I kind of tossed this together knowing I would likely not get back to it if I did not. I want to stress that I am sharing what I know and do not want to give the impression that I am 100% correct. I know enough to be helpful. I do not want you to think I am the final authority. Please ask more questions where you think I may be wrong or just not clear. I can try to "escalate" to the experts.
While I was writing this email I realized that
this document is a great place to start. T
his code a good place to start for examples of the different approaches for variable_update. In the future we hope to make a simple module that integrates into "tf.Estimator" or as a simple utility. What I learned from doing the
benchmarks is that the best approach for doing variable updates depended on both the model and the hardware platform. I list which config I used in each section of the benchmark results and you can see that even with K80s the best option was different between AWS and Google Compute Engine.
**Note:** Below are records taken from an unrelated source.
(* Let $\Sigma$ be a rational fan and $f\in\mathrm{PL}(\Sigma)$. Then $[e^f]=1$ in $\underline{\mathrm{PE}}(\Sigma)$ if and only if $f\in\mathrm{L}(\Sigma)$.
   Context: $N$ is a free abelian group of rank $n$, $N_\mathbb{R}=N\otimes_\mathbb{Z}\mathbb{R}$, $M=\mathrm{Hom}_\mathbb{Z}(N,\mathbb{Z})$; elements of $M$ are viewed as integral linear functions $N_\mathbb{R}\to\mathbb{R}$. A rational fan is a finite collection of rational polyhedral cones in $N_\mathbb{R}$, closed under faces, with pairwise intersections faces of both; $|\Sigma|$ is its support. $\mathrm{PL}(\Sigma)$ is the group of functions $f:|\Sigma|\to\mathbb{R}$ such that for every cone $\sigma\in\Sigma$ there is $m\in M$ with $f|_\sigma=m|_\sigma$; $\mathrm{L}(\Sigma)\subseteq\mathrm{PL}(\Sigma)$ is the subgroup of restrictions $m|_{|\Sigma|}$, $m\in M$. $\mathrm{PE}(\Sigma)$ is the subring of the ring of real-valued functions on $|\Sigma|$ generated by the $e^f$, $f\in\mathrm{PL}(\Sigma)$, and $\underline{\mathrm{PE}}(\Sigma)=\mathrm{PE}(\Sigma)/\langle e^\ell-1\mid \ell\in\mathrm{L}(\Sigma)\rangle$. *)

From Stdlib Require List.
From mathcomp Require Import all_boot all_order all_algebra.
From mathcomp Require Import all_classical all_reals all_analysis.
Set Implicit Arguments. Unset Strict Implicit. Unset Printing Implicit Defensive.
Import Order.TTheory GRing.Theory Num.Theory.
Local Open Scope ring_scope.
Local Open Scope classical_set_scope.

Section Fans.
Variables (R : realType) (n : nat).

(* N = Z^n, N_R = R^n (row vectors), M = Z^n acting by the standard pairing. *)
Definition pairM (m : 'rV[int]_n) (x : 'rV[R]_n) : R :=
  \sum_(i < n) (m ord0 i)%:~R * x ord0 i.

Definition pairR (u : 'rV[R]_n) (x : 'rV[R]_n) : R :=
  \sum_(i < n) u ord0 i * x ord0 i.

Definition cone_gen (gens : seq 'rV[int]_n) : set 'rV[R]_n :=
  [set x | exists c : 'rV[int]_n -> R,
     (forall v, 0 <= c v) /\
     x = \sum_(v <- gens) c v *: map_mx (fun z : int => z%:~R) v].

Definition rational_cone (s : set 'rV[R]_n) : Prop :=
  exists gens, s = cone_gen gens.

Definition is_face (t s : set 'rV[R]_n) : Prop :=
  exists u : 'rV[R]_n, (forall x, s x -> 0 <= pairR u x) /\
    t = s `&` [set x | pairR u x = 0].

Definition is_fan (F : seq (set 'rV[R]_n)) : Prop :=
  [/\ forall s, Stdlib.Lists.List.In s F -> rational_cone s,
      forall s t, Stdlib.Lists.List.In s F -> is_face t s -> Stdlib.Lists.List.In t F &
      forall s t, Stdlib.Lists.List.In s F -> Stdlib.Lists.List.In t F ->
        is_face (s `&` t) s /\ is_face (s `&` t) t].

Definition support (F : seq (set 'rV[R]_n)) : set 'rV[R]_n :=
  [set x | exists s, Stdlib.Lists.List.In s F /\ s x].

(* Functions |F| -> R are represented by functions R^n -> R; only their
   values on |F| matter (all predicates below are invariant under change
   off |F|). *)
Definition PL (F : seq (set 'rV[R]_n)) (f : 'rV[R]_n -> R) : Prop :=
  forall s, Stdlib.Lists.List.In s F -> exists m : 'rV[int]_n, forall x, s x -> f x = pairM m x.

Definition Lin (F : seq (set 'rV[R]_n)) (f : 'rV[R]_n -> R) : Prop :=
  exists m : 'rV[int]_n, forall x, support F x -> f x = pairM m x.

Inductive PE (F : seq (set 'rV[R]_n)) : ('rV[R]_n -> R) -> Prop :=
  | PE_exp f : PL F f -> PE F (fun x => expR (f x))
  | PE_one : PE F (fun _ => 1)
  | PE_add g h : PE F g -> PE F h -> PE F (fun x => g x + h x)
  | PE_opp g : PE F g -> PE F (fun x => - g x)
  | PE_mul g h : PE F g -> PE F h -> PE F (fun x => g x * h x)
  | PE_ext g h : PE F g -> (forall x, support F x -> g x = h x) -> PE F h.

Inductive PE_ideal (F : seq (set 'rV[R]_n)) : ('rV[R]_n -> R) -> Prop :=
  | I_gen l : Lin F l -> PE_ideal F (fun x => expR (l x) - 1)
  | I_zero : PE_ideal F (fun _ => 0)
  | I_add g h : PE_ideal F g -> PE_ideal F h -> PE_ideal F (fun x => g x + h x)
  | I_mul a g : PE F a -> PE_ideal F g -> PE_ideal F (fun x => a x * g x)
  | I_ext g h : PE_ideal F g -> (forall x, support F x -> g x = h x) ->
                PE_ideal F h.

(* [g] = [h] in the quotient PE(F)/I *)
Definition PEbar_eq (F : seq (set 'rV[R]_n)) (g h : 'rV[R]_n -> R) : Prop :=
  PE_ideal F (fun x => g x - h x).

End Fans.

(* Every element of PE(Σ) is the restriction of a formal sum g = Σ c_i e^{f_i} with
   f_i ∈ PL(Σ).  Since PL functions are positively homogeneous, t ↦ g(t x) is an
   exponential sum in t, so the "derivative at 0" D(g)(x) = Σ c_i f_i(x) depends only
   on g as a function on |Σ|.  D is a derivation over the augmentation ε(g) = Σ c_i,
   hence on the ideal generated by the e^ℓ - 1 it takes values in L(Σ) (there ε = 0
   and D(e^ℓ - 1) = ℓ).  If e^f - 1 lies in the ideal, then f = D(e^f - 1) ∈ L(Σ). *)

From Pilot Require Import Defs.
From mathcomp Require Import all_boot all_order all_algebra.
From mathcomp Require Import all_classical all_reals all_analysis.
From mathcomp Require Import ring lra.
Set Implicit Arguments. Unset Strict Implicit. Unset Printing Implicit Defensive.
Import Order.TTheory GRing.Theory Num.Theory.
Local Open Scope ring_scope.

Section ExpSums.
Variable R : realType.

Lemma norm_expR_sub1_sub_le (y : R) : `|y| <= 1/2 -> `|expR y - 1 - y| <= 2 * y ^+ 2.
Proof.
move=> hy.
have h1 := expR_ge1Dx y; have h2 := expR_ge1Dx (- y).
have h3 := expRxMexpNx_1 y; have h4 := expR_gt0 y; have h5 := expR_gt0 (- y).
set E := expR y in h1 h3 h4 *; set En := expR (- y) in h2 h3 h5.
rewrite ger0_norm; last by lra.
case: (lerP 0 y) => hy0.
- rewrite ger0_norm // in hy.
  have : E - 1 <= y * E by nra.
  nra.
- rewrite ltr0_norm // in hy.
  have : E * (1 - y) <= 1 by nra.
  nra.
Qed.

Lemma eq0_norm_le_linear (S C d : R) : 0 < d ->
  (forall t, 0 < t -> t <= d -> `|S| <= t * C) -> S = 0.
Proof.
move=> d0 hS; apply/normr0_eq0/eqP; rewrite eq_le normr_ge0 andbT.
apply/ler_addgt0Pr => e e0; rewrite add0r.
pose t := Num.min d (e / (`|C| + 1)).
have t0 : 0 < t by rewrite lt_min d0 divr_gt0 // ltr_wpDl.
have te : t * (`|C| + 1) <= e by rewrite -ler_pdivlMr ?ltr_wpDl // ge_min lexx orbT.
apply: (le_trans (hS t t0 _)); first by rewrite ge_min lexx.
have := ler_norm C; have : 0 <= t by exact: ltW.
nra.
Qed.

Lemma sum_expR_slope0 (s : seq (R * R)) :
  (forall t, 0 <= t -> \sum_(p <- s) p.1 * expR (t * p.2) = 0) ->
  \sum_(p <- s) p.1 * p.2 = 0.
Proof.
move=> hs.
set A := \sum_(p <- s) `|p.2|.
set K := \sum_(p <- s) `|p.1| * p.2 ^+ 2.
have A0 : 0 <= A by rewrite sumr_ge0.
have hA : forall p, p \in s -> `|p.2| <= A.
  by move=> p ps; rewrite /A (big_rem p ps) lerDl sumr_ge0.
apply: (@eq0_norm_le_linear _ (2 * K) (1 / (2 * (A + 1)))); first by rewrite divr_gt0 //; lra.
move=> t t0 td.
have tA : t * (2 * (A + 1)) <= 1 by rewrite -ler_pdivlMr //; lra.
(* the terms of order 0 and 1 cancel, since Σ a = 0 is [hs] at t = 0 *)
have remainder : t * \sum_(p <- s) p.1 * p.2 =
    - \sum_(p <- s) p.1 * (expR (t * p.2) - 1 - t * p.2).
  have sum_a : \sum_(p <- s) p.1 = 0.
    by have := hs 0 (lexx _); under eq_bigr do rewrite mul0r expR0 mulr1.
  have -> : \sum_(p <- s) p.1 * (expR (t * p.2) - 1 - t * p.2) =
      \sum_(p <- s) p.1 * expR (t * p.2) - \sum_(p <- s) p.1 - t * \sum_(p <- s) p.1 * p.2.
    by rewrite mulr_sumr -!sumrB; apply: eq_bigr => p _; ring.
  by rewrite hs ?ltW // sum_a; ring.
suff : t * `|\sum_(p <- s) p.1 * p.2| <= t * (t * (2 * K)) by rewrite ler_pM2l.
rewrite -(gtr0_norm t0) -normrM remainder normrN (gtr0_norm t0).
rewrite (le_trans (ler_norm_sum _ _ _)) // /K !mulr_sumr big_seq [X in _ <= X]big_seq.
apply: ler_sum => p ps; rewrite normrM.
have tp : `|t * p.2| <= 1/2.
  rewrite normrM (gtr0_norm t0).
  have := hA p ps; have : 0 <= `|p.2| by [].
  nra.
have := norm_expR_sub1_sub_le tp; have : 0 <= `|p.1| by [].
move=> a0 hb; rewrite (le_trans (ler_wpM2l a0 hb)) //.
by rewrite exprMn; lra.
Qed.

End ExpSums.

Section Fan.
Variables (R : realType) (n : nat).
Local Notation V := 'rV[R]_n.
Local Open Scope classical_set_scope.

Lemma pairMZ (m : 'rV[int]_n) t (x : V) : pairM m (t *: x) = t * pairM m x.
Proof. by rewrite /pairM mulr_sumr; apply: eq_bigr => i _; rewrite mxE; ring. Qed.

Lemma pairMDl (m1 m2 : 'rV[int]_n) (x : V) :
  pairM (m1 + m2) x = pairM m1 x + pairM m2 x.
Proof. by rewrite /pairM -big_split; apply: eq_bigr => i _; rewrite mxE intrD mulrDl. Qed.

Lemma pairM0l (x : V) : pairM 0 x = 0.
Proof. by rewrite /pairM big1 // => i _; rewrite mxE mul0r. Qed.

Lemma pairMzl (k : int) (m : 'rV[int]_n) (x : V) :
  pairM (k *: m) x = k%:~R * pairM m x.
Proof. by rewrite /pairM mulr_sumr; apply: eq_bigr => i _; rewrite mxE intrM; ring. Qed.

Lemma rational_cone_scale (s : set V) x t :
  rational_cone s -> s x -> 0 <= t -> s (t *: x).
Proof.
move=> [gens ->] [c [c0 ->]] t0.
exists (fun v => t * c v); split; first by move=> v; rewrite mulr_ge0.
by rewrite scaler_sumr; apply: eq_bigr => v _; rewrite scalerA.
Qed.

Variable F : seq (set V).
Hypothesis hF : is_fan F.

Lemma support_scale x t : Defs.support F x -> 0 <= t -> Defs.support F (t *: x).
Proof.
case: hF => cones _ _ [s [sF sx]] t0.
by exists s; split => //; exact: rational_cone_scale (cones _ sF) sx t0.
Qed.

Lemma PL_homogeneous f x t : PL F f -> Defs.support F x -> 0 <= t -> f (t *: x) = t * f x.
Proof.
case: hF => cones _ _ hf [s [sF sx]] t0.
have [m hm] := hf s sF.
by rewrite !hm ?pairMZ //; exact: rational_cone_scale (cones _ sF) sx t0.
Qed.

Lemma PLD f g : PL F f -> PL F g -> PL F (fun x => f x + g x).
Proof.
move=> hf hg s sF; have [m1 h1] := hf s sF; have [m2 h2] := hg s sF.
by exists (m1 + m2) => x sx; rewrite pairMDl h1 ?h2.
Qed.

Lemma PL0 : PL F (fun _ => 0).
Proof. by move=> s sF; exists 0 => x _; rewrite pairM0l. Qed.

Lemma Lin_PL f : Lin F f -> PL F f.
Proof. by move=> [m hm] s sF; exists m => x sx; apply: hm; exists s. Qed.

Lemma Lin_ext f g : Lin F f -> (forall x, Defs.support F x -> f x = g x) -> Lin F g.
Proof. by move=> [m hm] e; exists m => x sx; rewrite -e ?hm. Qed.

Lemma LinD f g : Lin F f -> Lin F g -> Lin F (fun x => f x + g x).
Proof. by move=> [m1 h1] [m2 h2]; exists (m1 + m2) => x sx; rewrite pairMDl h1 ?h2. Qed.

Lemma LinMzl (k : int) f : Lin F f -> Lin F (fun x => k%:~R * f x).
Proof. by move=> [m h]; exists (k *: m) => x sx; rewrite pairMzl h. Qed.

Lemma Lin0 : Lin F (fun _ => 0).
Proof. by exists 0 => x _; rewrite pairM0l. Qed.

Record plfun := PLFun { plfun_val :> V -> R; plfun_PL : PL F plfun_val }.

Definition plfun_add (f g : plfun) : plfun := PLFun (PLD (plfun_PL f) (plfun_PL g)).
Definition plfun0 : plfun := PLFun PL0.

(* A formal Z-linear combination Σ c e^f of exponentials of PL functions. *)
Definition expsum := seq (int * plfun).

Definition esum_val (L : expsum) (x : V) : R := \sum_(p <- L) p.1%:~R * expR (p.2 x).
Definition esum_aug (L : expsum) : int := \sum_(p <- L) p.1.
Definition esum_der (L : expsum) (x : V) : R := \sum_(p <- L) p.1%:~R * p.2 x.

Definition esum_opp (L : expsum) : expsum := [seq (- p.1, p.2) | p <- L].
Definition esum_mul (L1 L2 : expsum) : expsum :=
  [seq (p.1 * q.1, plfun_add p.2 q.2) | p <- L1, q <- L2].
Definition esum_exp_sub1 (f : plfun) : expsum := [:: (1, f); (-1, plfun0)].

Definition represents (g : V -> R) (L : expsum) : Prop := forall x, Defs.support F x -> g x = esum_val L x.

Lemma esum_val_cat L1 L2 x : esum_val (L1 ++ L2) x = esum_val L1 x + esum_val L2 x.
Proof. by rewrite /esum_val big_cat. Qed.

Lemma esum_aug_cat L1 L2 : esum_aug (L1 ++ L2) = esum_aug L1 + esum_aug L2.
Proof. by rewrite /esum_aug big_cat. Qed.

Lemma esum_der_cat L1 L2 x : esum_der (L1 ++ L2) x = esum_der L1 x + esum_der L2 x.
Proof. by rewrite /esum_der big_cat. Qed.

Lemma esum_val_opp L x : esum_val (esum_opp L) x = - esum_val L x.
Proof. by rewrite /esum_val big_map -sumrN; apply: eq_bigr => p _; rewrite intrN mulNr. Qed.

Lemma esum_der_opp L x : esum_der (esum_opp L) x = - esum_der L x.
Proof. by rewrite /esum_der big_map -sumrN; apply: eq_bigr => p _; rewrite intrN mulNr. Qed.

Lemma esum_val_mul L1 L2 x : esum_val (esum_mul L1 L2) x = esum_val L1 x * esum_val L2 x.
Proof.
rewrite /esum_val big_allpairs_dep mulr_suml; apply: eq_bigr => p _.
by rewrite mulr_sumr; apply: eq_bigr => q _ /=; rewrite intrM expRD; ring.
Qed.

Lemma esum_aug_mul L1 L2 : esum_aug (esum_mul L1 L2) = esum_aug L1 * esum_aug L2.
Proof.
rewrite /esum_aug big_allpairs_dep mulr_suml; apply: eq_bigr => p _.
by rewrite mulr_sumr.
Qed.

Lemma esum_der_mul L1 L2 x : esum_der (esum_mul L1 L2) x =
  (esum_aug L2)%:~R * esum_der L1 x + (esum_aug L1)%:~R * esum_der L2 x.
Proof.
rewrite /esum_der big_allpairs_dep.
transitivity (\sum_(p <- L1) (p.1%:~R * p.2 x * (esum_aug L2)%:~R + p.1%:~R * esum_der L2 x)).
  apply: eq_bigr => p _; rewrite /esum_aug /esum_der rmorph_sum !mulr_sumr -big_split.
  by apply: eq_bigr => q _ /=; rewrite intrM; ring.
by rewrite big_split /= -!mulr_suml /esum_aug /esum_der !rmorph_sum /=; ring.
Qed.

Lemma represents_exp_sub1 (f : plfun) :
  represents (fun x => expR (f x) - 1) (esum_exp_sub1 f).
Proof. by move=> x _; rewrite /esum_val !big_cons big_nil /= expR0; ring. Qed.

Lemma esum_der_exp_sub1 (f : plfun) x : esum_der (esum_exp_sub1 f) x = f x.
Proof. by rewrite /esum_der !big_cons big_nil /=; ring. Qed.

Lemma PE_represented g : PE F g -> exists L, represents g L.
Proof.
elim=> {g} [f hf | | g h _ [L1 e1] _ [L2 e2] | g _ [L e] | g h _ [L1 e1] _ [L2 e2]
           | g h _ [L e] eh].
- exists [:: (1, PLFun hf)] => x _.
  by rewrite /esum_val big_cons big_nil /= mul1r addr0.
- exists [:: (1, plfun0)] => x _.
  by rewrite /esum_val big_cons big_nil /= mul1r expR0 addr0.
- by exists (L1 ++ L2) => x sx; rewrite esum_val_cat e1 ?e2.
- by exists (esum_opp L) => x sx; rewrite esum_val_opp e.
- by exists (esum_mul L1 L2) => x sx; rewrite esum_val_mul e1 ?e2.
- by exists L => x sx; rewrite -eh ?e.
Qed.

Lemma PE_ideal_represented g : PE_ideal F g ->
  exists L, [/\ represents g L, esum_aug L = 0 & Lin F (esum_der L)].
Proof.
elim=> {g} [l hl | | g h _ [L1 [e1 z1 l1]] _ [L2 [e2 z2 l2]] | a g ha _ [L2 [e2 z2 l2]]
           | g h _ [L [e z l]] eh].
- exists (esum_exp_sub1 (PLFun (Lin_PL hl))); split.
  + exact: (represents_exp_sub1 (PLFun _)).
  + by rewrite /esum_aug !big_cons big_nil.
  + by apply: Lin_ext (hl) _ => x _; rewrite esum_der_exp_sub1.
- exists [::]; split; first by move=> x _; rewrite /esum_val big_nil.
    by rewrite /esum_aug big_nil.
  by apply: Lin_ext Lin0 _ => x _; rewrite /esum_der big_nil.
- exists (L1 ++ L2); split.
  + by move=> x sx; rewrite esum_val_cat e1 ?e2.
  + by rewrite esum_aug_cat z1 z2 addr0.
  + by apply: Lin_ext (LinD l1 l2) _ => x _; rewrite esum_der_cat.
- have [L1 e1] := PE_represented ha.
  exists (esum_mul L1 L2); split.
  + by move=> x sx; rewrite esum_val_mul e1 ?e2.
  + by rewrite esum_aug_mul z2 mulr0.
  + by apply: Lin_ext (LinMzl (esum_aug L1) l2) _ => x _; rewrite esum_der_mul z2 mul0r add0r.
- by exists L; split => // x sx; rewrite -eh ?e.
Qed.

Lemma esum_val_scale L x t : Defs.support F x -> 0 <= t ->
  esum_val L (t *: x) = \sum_(p <- L) p.1%:~R * expR (t * p.2 x).
Proof.
by move=> sx t0; apply: eq_bigr => p _; rewrite (PL_homogeneous (plfun_PL p.2) sx t0).
Qed.

Lemma esum_der_eq0 L : (forall x, Defs.support F x -> esum_val L x = 0) ->
  forall x, Defs.support F x -> esum_der L x = 0.
Proof.
move=> L0 x sx.
have := @sum_expR_slope0 R [seq (p.1%:~R, p.2 x) | p : int * plfun <- L].
rewrite big_map; apply=> t t0.
by rewrite big_map -esum_val_scale // L0 //; exact: support_scale.
Qed.

Lemma esum_der_unique g L1 L2 : represents g L1 -> represents g L2 ->
  forall x, Defs.support F x -> esum_der L1 x = esum_der L2 x.
Proof.
move=> e1 e2 x sx; apply/eqP; rewrite -subr_eq0 -esum_der_opp -esum_der_cat.
apply/eqP/esum_der_eq0 => // y sy.
by rewrite esum_val_cat esum_val_opp -e1 // -e2 // subrr.
Qed.

End Fan.

Theorem lemma2 (R : realType) (n : nat) (F : seq (set 'rV[R]_n))
  (hF : is_fan F) (f : 'rV[R]_n -> R) (hf : PL F f) :
  PEbar_eq F (fun x => expR (f x)) (fun _ => 1) <-> Lin F f.
Proof.
split=> [hI | hl]; last exact: I_gen.
have [L [eL _ lL]] := PE_ideal_represented hI.
pose f' := PLFun hf.
apply: Lin_ext lL _ => x sx.
by rewrite (esum_der_unique hF eL (represents_exp_sub1 f') sx) esum_der_exp_sub1.
Qed.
In general what I found was that for ResNet and InceptionV3 putting the parameters on the CPU is the best option most of the time. This was even true on the DGX-1 where we assumed using replicated variables and NCCL would be the best choice for all situations. For VGG-16 and AlexNet, it is better to spread the variables across the GPUs.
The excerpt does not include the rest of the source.